Exercise brief
Your answer should consist only of the lines below from the one with "assert (Hmr : m" through the one with "assert (Hq : m < q", copied exactly.

Supplied data

__________________________________________________

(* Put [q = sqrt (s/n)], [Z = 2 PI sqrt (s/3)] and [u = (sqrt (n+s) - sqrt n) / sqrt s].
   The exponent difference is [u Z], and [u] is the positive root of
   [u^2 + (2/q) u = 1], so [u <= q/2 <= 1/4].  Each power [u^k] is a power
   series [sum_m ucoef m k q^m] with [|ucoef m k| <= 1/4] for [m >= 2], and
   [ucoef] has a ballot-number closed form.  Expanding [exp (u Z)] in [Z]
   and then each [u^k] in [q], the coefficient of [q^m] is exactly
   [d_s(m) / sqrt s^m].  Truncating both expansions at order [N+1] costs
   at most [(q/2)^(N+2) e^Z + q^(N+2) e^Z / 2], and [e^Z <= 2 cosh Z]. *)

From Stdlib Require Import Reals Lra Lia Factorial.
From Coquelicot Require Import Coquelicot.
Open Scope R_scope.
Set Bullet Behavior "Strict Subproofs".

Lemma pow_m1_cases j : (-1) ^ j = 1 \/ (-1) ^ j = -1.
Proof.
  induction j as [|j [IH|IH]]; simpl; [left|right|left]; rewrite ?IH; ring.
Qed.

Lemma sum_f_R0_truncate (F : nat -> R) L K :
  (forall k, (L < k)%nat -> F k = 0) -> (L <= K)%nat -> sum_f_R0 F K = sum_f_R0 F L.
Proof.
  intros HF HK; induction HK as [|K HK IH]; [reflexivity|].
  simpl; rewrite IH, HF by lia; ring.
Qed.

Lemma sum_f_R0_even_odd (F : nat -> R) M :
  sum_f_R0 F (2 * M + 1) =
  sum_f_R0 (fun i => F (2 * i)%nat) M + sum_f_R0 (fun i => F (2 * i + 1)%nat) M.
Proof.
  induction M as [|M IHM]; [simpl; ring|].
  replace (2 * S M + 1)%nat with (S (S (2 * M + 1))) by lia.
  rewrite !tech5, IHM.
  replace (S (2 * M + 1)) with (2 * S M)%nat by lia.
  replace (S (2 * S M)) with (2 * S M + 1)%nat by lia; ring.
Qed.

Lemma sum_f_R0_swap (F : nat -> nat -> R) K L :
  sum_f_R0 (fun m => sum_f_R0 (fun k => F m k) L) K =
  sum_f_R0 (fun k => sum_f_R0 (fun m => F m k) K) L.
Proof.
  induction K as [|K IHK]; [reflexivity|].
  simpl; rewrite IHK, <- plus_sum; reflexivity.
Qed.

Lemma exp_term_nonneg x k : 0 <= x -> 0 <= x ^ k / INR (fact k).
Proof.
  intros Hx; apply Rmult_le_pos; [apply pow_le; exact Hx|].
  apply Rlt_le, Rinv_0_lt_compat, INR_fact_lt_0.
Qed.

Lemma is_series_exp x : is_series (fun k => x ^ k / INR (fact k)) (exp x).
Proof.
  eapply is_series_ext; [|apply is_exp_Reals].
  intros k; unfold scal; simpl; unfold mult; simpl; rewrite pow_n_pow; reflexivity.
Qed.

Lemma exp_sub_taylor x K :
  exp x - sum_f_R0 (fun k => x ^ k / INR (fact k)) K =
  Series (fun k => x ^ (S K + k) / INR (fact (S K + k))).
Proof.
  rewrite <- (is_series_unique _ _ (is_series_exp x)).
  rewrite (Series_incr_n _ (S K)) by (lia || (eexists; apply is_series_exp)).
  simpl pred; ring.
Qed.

__________________________________________________

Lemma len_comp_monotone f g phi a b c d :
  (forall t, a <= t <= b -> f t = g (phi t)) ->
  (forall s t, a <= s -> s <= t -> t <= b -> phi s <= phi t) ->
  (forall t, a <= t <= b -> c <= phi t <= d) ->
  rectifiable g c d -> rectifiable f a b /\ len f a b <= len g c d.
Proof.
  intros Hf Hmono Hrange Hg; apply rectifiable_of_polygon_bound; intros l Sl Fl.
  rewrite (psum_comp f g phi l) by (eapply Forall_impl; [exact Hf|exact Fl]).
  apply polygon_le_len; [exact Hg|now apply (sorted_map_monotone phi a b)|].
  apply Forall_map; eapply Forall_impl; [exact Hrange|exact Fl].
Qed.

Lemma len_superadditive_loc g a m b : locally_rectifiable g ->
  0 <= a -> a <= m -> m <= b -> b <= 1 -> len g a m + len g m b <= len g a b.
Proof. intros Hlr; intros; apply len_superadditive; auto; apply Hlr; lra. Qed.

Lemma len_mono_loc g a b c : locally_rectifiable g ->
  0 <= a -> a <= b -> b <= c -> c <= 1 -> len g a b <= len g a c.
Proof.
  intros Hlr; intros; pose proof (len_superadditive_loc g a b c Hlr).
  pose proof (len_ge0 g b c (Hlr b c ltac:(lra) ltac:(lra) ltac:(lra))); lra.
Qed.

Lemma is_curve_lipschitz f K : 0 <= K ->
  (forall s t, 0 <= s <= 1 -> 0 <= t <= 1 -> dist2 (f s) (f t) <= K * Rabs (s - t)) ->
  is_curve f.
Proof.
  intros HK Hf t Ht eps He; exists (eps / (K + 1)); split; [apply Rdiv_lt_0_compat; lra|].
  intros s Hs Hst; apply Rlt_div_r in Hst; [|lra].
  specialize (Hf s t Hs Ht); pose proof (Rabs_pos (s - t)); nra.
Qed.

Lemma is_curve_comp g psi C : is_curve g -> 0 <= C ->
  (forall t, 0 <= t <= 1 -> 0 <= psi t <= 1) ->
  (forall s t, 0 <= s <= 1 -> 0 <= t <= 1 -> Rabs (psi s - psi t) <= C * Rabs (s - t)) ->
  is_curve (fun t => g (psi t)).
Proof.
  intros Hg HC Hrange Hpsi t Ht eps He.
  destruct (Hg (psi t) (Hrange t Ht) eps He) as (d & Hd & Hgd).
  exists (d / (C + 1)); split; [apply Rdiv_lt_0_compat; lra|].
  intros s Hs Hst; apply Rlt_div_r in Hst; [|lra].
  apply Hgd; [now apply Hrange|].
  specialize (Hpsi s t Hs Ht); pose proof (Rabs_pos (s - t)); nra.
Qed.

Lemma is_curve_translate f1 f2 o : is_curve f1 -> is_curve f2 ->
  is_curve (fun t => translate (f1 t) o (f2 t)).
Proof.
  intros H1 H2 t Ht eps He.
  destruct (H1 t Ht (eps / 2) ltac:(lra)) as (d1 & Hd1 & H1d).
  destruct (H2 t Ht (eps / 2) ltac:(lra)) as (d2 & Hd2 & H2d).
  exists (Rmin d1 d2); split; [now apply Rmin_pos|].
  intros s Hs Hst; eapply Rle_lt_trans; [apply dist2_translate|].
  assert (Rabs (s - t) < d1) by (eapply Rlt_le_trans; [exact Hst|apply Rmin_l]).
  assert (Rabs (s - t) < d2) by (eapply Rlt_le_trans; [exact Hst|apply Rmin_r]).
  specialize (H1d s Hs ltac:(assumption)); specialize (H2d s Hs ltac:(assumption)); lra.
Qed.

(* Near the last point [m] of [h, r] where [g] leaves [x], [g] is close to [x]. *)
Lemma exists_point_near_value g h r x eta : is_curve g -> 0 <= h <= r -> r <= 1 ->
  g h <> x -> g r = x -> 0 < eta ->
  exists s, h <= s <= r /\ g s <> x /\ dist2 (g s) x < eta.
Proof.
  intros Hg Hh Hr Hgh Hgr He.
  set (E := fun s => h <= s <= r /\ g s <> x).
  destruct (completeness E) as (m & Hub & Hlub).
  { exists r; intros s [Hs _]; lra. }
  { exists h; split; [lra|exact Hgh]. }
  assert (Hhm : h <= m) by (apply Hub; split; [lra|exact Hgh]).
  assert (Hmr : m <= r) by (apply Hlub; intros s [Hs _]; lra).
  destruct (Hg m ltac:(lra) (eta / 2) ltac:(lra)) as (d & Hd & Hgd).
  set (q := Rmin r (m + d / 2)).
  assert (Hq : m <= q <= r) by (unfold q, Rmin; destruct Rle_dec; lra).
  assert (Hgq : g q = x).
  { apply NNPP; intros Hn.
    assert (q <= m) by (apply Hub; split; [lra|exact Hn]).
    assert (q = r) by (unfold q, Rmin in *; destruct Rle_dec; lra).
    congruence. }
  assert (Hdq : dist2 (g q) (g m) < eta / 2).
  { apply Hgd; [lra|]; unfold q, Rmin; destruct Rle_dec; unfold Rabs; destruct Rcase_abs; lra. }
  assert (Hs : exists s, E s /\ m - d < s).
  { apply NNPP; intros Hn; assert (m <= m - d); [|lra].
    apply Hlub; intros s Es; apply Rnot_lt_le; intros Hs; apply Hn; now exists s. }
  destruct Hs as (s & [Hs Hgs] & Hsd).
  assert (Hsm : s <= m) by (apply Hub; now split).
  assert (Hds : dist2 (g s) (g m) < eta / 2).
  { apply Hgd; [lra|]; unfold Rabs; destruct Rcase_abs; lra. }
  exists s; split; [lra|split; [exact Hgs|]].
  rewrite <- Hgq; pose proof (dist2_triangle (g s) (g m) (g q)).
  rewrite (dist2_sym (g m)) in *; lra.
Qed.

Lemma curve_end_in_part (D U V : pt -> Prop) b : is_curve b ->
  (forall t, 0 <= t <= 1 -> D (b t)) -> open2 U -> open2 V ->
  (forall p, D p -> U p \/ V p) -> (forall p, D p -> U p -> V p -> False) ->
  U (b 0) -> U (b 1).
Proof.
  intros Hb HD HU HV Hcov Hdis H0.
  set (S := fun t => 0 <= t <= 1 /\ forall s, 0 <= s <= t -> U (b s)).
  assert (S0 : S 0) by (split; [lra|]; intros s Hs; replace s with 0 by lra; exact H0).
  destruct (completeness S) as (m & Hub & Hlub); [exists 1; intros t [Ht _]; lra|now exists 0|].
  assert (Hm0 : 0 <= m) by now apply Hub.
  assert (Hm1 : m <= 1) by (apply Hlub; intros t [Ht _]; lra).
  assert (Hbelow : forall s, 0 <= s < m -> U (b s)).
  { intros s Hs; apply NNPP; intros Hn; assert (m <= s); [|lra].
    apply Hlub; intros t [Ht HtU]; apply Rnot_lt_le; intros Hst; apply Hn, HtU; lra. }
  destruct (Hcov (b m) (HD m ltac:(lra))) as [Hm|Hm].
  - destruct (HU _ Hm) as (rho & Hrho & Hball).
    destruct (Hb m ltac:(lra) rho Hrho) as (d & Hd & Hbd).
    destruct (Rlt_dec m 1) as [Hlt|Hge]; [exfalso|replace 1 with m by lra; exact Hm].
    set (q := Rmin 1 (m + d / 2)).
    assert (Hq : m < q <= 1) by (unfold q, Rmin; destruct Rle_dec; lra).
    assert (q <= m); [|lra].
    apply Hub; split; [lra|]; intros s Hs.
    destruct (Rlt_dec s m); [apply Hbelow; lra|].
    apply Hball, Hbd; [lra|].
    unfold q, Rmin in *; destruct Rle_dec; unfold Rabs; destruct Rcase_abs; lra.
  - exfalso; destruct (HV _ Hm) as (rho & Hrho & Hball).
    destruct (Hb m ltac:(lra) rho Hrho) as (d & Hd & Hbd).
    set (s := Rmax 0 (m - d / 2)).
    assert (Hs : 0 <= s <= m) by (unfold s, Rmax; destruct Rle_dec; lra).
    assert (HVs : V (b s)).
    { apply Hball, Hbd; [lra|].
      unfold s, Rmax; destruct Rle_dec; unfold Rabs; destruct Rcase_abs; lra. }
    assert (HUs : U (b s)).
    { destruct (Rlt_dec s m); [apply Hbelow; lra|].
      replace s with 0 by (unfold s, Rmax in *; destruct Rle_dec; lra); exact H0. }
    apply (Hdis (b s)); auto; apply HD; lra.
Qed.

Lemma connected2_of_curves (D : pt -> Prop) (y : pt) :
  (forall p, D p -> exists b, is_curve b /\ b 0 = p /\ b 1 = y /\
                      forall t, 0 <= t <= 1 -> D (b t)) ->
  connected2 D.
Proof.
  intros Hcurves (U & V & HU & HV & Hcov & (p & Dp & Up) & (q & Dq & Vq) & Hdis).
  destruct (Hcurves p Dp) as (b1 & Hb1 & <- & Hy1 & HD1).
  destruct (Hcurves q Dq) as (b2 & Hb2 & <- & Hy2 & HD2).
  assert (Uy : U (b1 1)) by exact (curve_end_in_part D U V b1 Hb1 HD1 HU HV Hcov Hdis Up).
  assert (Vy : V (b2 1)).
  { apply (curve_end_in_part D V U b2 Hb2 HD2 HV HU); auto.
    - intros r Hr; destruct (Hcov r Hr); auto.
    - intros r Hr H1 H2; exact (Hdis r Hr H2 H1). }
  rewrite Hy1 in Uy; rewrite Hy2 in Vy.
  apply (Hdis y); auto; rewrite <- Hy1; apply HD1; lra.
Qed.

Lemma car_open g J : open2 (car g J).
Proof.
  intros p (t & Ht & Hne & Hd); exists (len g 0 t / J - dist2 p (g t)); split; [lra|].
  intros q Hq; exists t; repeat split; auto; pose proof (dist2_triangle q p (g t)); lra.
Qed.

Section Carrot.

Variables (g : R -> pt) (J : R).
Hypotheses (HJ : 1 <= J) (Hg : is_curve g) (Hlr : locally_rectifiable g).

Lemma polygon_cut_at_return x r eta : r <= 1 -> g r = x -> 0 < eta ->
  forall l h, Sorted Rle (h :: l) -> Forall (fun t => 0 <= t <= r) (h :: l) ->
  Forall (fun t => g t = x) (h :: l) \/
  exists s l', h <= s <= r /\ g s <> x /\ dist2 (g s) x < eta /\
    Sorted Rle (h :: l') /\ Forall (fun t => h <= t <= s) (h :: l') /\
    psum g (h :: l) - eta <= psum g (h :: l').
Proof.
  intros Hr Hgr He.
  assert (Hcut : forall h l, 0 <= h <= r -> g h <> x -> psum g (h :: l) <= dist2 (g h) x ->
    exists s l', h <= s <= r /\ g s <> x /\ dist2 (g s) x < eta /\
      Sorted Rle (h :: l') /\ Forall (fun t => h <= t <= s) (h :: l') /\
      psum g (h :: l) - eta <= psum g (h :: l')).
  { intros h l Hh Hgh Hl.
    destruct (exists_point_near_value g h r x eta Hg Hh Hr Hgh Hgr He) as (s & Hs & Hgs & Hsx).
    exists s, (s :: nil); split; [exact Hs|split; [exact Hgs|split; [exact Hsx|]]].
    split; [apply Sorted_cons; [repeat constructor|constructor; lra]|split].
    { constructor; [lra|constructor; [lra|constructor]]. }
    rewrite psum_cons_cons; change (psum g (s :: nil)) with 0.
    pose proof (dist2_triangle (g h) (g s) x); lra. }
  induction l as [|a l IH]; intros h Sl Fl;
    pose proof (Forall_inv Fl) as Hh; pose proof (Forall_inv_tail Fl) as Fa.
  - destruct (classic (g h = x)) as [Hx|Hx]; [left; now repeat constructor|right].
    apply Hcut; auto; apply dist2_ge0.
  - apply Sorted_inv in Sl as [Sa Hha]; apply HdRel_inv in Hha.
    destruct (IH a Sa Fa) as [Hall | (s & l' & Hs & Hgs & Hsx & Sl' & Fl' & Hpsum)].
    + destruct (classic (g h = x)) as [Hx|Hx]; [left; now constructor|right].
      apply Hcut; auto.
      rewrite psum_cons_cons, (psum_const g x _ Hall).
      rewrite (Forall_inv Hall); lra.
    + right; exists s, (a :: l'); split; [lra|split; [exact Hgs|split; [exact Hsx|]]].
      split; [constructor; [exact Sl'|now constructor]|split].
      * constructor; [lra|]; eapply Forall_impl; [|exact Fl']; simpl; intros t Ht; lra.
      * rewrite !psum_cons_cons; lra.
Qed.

__________________________________________________

Written solution
  assert (Hmr : m <= r) by (apply Hlub; intros s [Hs _]; lra).
  destruct (Hg m ltac:(lra) (eta / 2) ltac:(lra)) as (d & Hd & Hgd).
  set (q := Rmin r (m + d / 2)).
  assert (Hq : m <= q <= r) by (unfold q, Rmin; destruct Rle_dec; lra).
  assert (Hgq : g q = x).
  { apply NNPP; intros Hn.
    assert (q <= m) by (apply Hub; split; [lra|exact Hn]).
    assert (q = r) by (unfold q, Rmin in *; destruct Rle_dec; lra).
    congruence. }
  assert (Hdq : dist2 (g q) (g m) < eta / 2).
  { apply Hgd; [lra|]; unfold q, Rmin; destruct Rle_dec; unfold Rabs; destruct Rcase_abs; lra. }
  assert (Hs : exists s, E s /\ m - d < s).
  { apply NNPP; intros Hn; assert (m <= m - d); [|lra].
    apply Hlub; intros s Es; apply Rnot_lt_le; intros Hs; apply Hn; now exists s. }
  destruct Hs as (s & [Hs Hgs] & Hsd).
  assert (Hsm : s <= m) by (apply Hub; now split).
  assert (Hds : dist2 (g s) (g m) < eta / 2).
  { apply Hgd; [lra|]; unfold Rabs; destruct Rcase_abs; lra. }
  exists s; split; [lra|split; [exact Hgs|]].
  rewrite <- Hgq; pose proof (dist2_triangle (g s) (g m) (g q)).
  rewrite (dist2_sym (g m)) in *; lra.
Qed.

Lemma curve_end_in_part (D U V : pt -> Prop) b : is_curve b ->
  (forall t, 0 <= t <= 1 -> D (b t)) -> open2 U -> open2 V ->
  (forall p, D p -> U p \/ V p) -> (forall p, D p -> U p -> V p -> False) ->
  U (b 0) -> U (b 1).
Proof.
  intros Hb HD HU HV Hcov Hdis H0.
  set (S := fun t => 0 <= t <= 1 /\ forall s, 0 <= s <= t -> U (b s)).
  assert (S0 : S 0) by (split; [lra|]; intros s Hs; replace s with 0 by lra; exact H0).
  destruct (completeness S) as (m & Hub & Hlub); [exists 1; intros t [Ht _]; lra|now exists 0|].
  assert (Hm0 : 0 <= m) by now apply Hub.
  assert (Hm1 : m <= 1) by (apply Hlub; intros t [Ht _]; lra).
  assert (Hbelow : forall s, 0 <= s < m -> U (b s)).
  { intros s Hs; apply NNPP; intros Hn; assert (m <= s); [|lra].
    apply Hlub; intros t [Ht HtU]; apply Rnot_lt_le; intros Hst; apply Hn, HtU; lra. }
  destruct (Hcov (b m) (HD m ltac:(lra))) as [Hm|Hm].
  - destruct (HU _ Hm) as (rho & Hrho & Hball).
    destruct (Hb m ltac:(lra) rho Hrho) as (d & Hd & Hbd).
    destruct (Rlt_dec m 1) as [Hlt|Hge]; [exfalso|replace 1 with m by lra; exact Hm].
    set (q := Rmin 1 (m + d / 2)).
    assert (Hq : m < q <= 1) by (unfold q, Rmin; destruct Rle_dec; lra).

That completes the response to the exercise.